Histological effect of TUDCA and Behavior test

On 1 day after SCI, the spinal cord tissues showed large areas of hemorrhage, edema, gray matter structural damage, and vacuolar degeneration in the injury group. The TUDCA group did not show distinct histopathology differences (Fig. 5A). On 3 day after SCI, however, the lesion epicenter showed obvious structural damage in the injury group. In contrast, the lesion epicenter of the TUDCA group showed much milder damage (Fig. 5B). On 7 day after SCI, the lesion epicenter of the injury group still showed cavities. On the other hand, the lesion epicenter of the TUDCA group was nearly normal in appearance (Fig. 5C).

Figure 5

Histopathological effect of TUDCA by H&E staining and behavior tests in injury and TUDCA group. Lesion epicenter histopathology (H&E staining): (A) Spinal cord tissue on 1 day after spinal cord injury. (B) Spinal cord tissue on 3 day after the injury shows more remaining neurons and low inflammation in the TUDCA group. (C) Spinal cord tissues on 7 day after the injury are similar in the TUDCA and sham groups (Scale bar = 200 µm). (D) The Basso-Beattie-Bresnahan (BBB) scores for the hindlimb function were evaluated for 7 days after the injury.
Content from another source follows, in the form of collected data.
(* Let $\alpha>0$ and let $X_{1,1},X_{1,2}$ be i.i.d. real random variables such that $$x^{1+2\alpha}\,\mathbb P\big(|X_{1,1}X_{1,2}|\ge\sqrt{x\log x}\big)\to0\quad\text{as }x\to\infty.$$ Then $$\mathbb E\Big(\frac{|X_{1,1}|^{2+4\alpha}}{(1+\log|X_{1,1}|)^{4+4\alpha}}\Big)<\infty.$$
   Context: Here $\log x$ denotes $\ln\max(x,e)$ (so $\log|X_{1,1}|\ge1$). *)

From HB Require Import structures.
From mathcomp Require Import all_boot all_order all_algebra.
From mathcomp Require Import all_classical all_reals all_analysis.
Set Implicit Arguments. Unset Strict Implicit. Unset Printing Implicit Defensive.
Import Order.TTheory GRing.Theory Num.Theory.
Local Open Scope classical_set_scope.
Local Open Scope ring_scope.

(* The paper's convention: log x := ln (max x e), so that log x >= 1. *)
Definition plog {R : realType} (x : R) : R := ln (Num.max x (expR 1)).

Definition indep2 {d} {T : measurableType d} {R : realType}
  (P : probability T R) (X Y : T -> R) : Prop :=
  forall A B : set R, measurable A -> measurable B ->
    P (X @^-1` A `&` Y @^-1` B) = (P (X @^-1` A) * P (Y @^-1` B))%E.

Definition ident_distr {d} {T : measurableType d} {R : realType}
  (P : probability T R) (X Y : T -> R) : Prop :=
  forall A : set R, measurable A -> P (X @^-1` A) = P (Y @^-1` A).

(* Cut the range of |X1| into the dyadic blocks [2^k, 2^(k+1)).  With
   p = 1 + 2 alpha, the integrand is at most M_k = 4^((k+1)p) / (1 + log 2^k)^(2p+2)
   on the k-th block, so the expectation is at most 1 + sum_k M_k P(|X1| >= 2^k).
   Independence and equal laws give
   P(|X1| >= 2^k) P(|X1| >= 1) <= P(|X1 X2| >= 2^k), and 2^k >= sqrt(x_k log x_k)
   for x_k = 4^k / (2(k+1)); for large k the hypothesis bounds the right-hand side
   by x_k^(-p).  As log 2^k is of order k, this makes M_k P(|X1| >= 2^k) = O(k^-2),
   and the series converges. *)

From HB Require Import structures.
From mathcomp Require Import all_boot all_order all_algebra.
From mathcomp Require Import all_classical all_reals all_analysis.
From mathcomp Require Import ring lra measurable_realfun.
Set Implicit Arguments. Unset Strict Implicit.
Import Order.TTheory GRing.Theory Num.Theory.
Local Open Scope classical_set_scope.
Local Open Scope ring_scope.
The TUDCA group received intraperitoneal injections of 200 mg/kg of TUDCA at one minute and 24 hours after establishing the model. The injury group received intraperitoneal injections of the same dose of saline at the same time points. Results are the mean ± SD of triplicate experiments: *p < 0.05, **p < 0.01, and ***p < 0.001, significant difference as compared to the 1 day for each group by unpaired Student’s t-test.

The Basso-Beattie-Bresnahan (BBB) scores for the hindlimb motor function in the injury group improved from 4.00 ± 6.92 at 1 day to 13.33 ± 5.13 at 7 day. The scores in the TUDCA group demonstrated a significant improvement from 4.00 ± 3.46 at 1 day to 19.33 ± 1.15 at 7 day after SCI (***p < 0.001). The differences of the scores in the TUDCA group were significant after 4 day (Fig. 5D).

Lesion volume was then assessed by luxol fast blue/cresyl violet-stained spinal cord sections serially in the axial plane. In injury group, the lesions often contained vacuoles (Fig. 6), which exhibited complete loss of myelinated fibers, neurons, oligodendrocytes, and astrocytes. However, the lesion volume was significantly decreased in the injury + TUDCA group on 3 day and 7 day (0.90% ± 0.03, 1.01% ± 0.02, respectively) compared to that of the injury group (4.08% ± 0.20, 3.17% ± 0.02, respectively, Fig. 6D).

Figure 6

Histopathological effect of TUDCA by Luxol Fast Blue/cresyl violet-staining. Lesion epicenter histopathology (luxol fast blue/cresyl violet-staining staining): (A) Spinal cord tissue on 1 day after spinal cord injury. (B) Spinal cord tissue on 3 day after the injury shows more remaining myelin fiber and observes nerve cells in the TUDCA group. (C) Spinal cord tissues on 7 day after the injury are similar in the TUDCA and sham groups (Scale bar = 200 µm). Results are the mean ± SD of triplicate experiments: *p < 0.05, **p < 0.01, and ***p < 0.001 by one-way ANOVA followed by Tukey’s post hoc analysis.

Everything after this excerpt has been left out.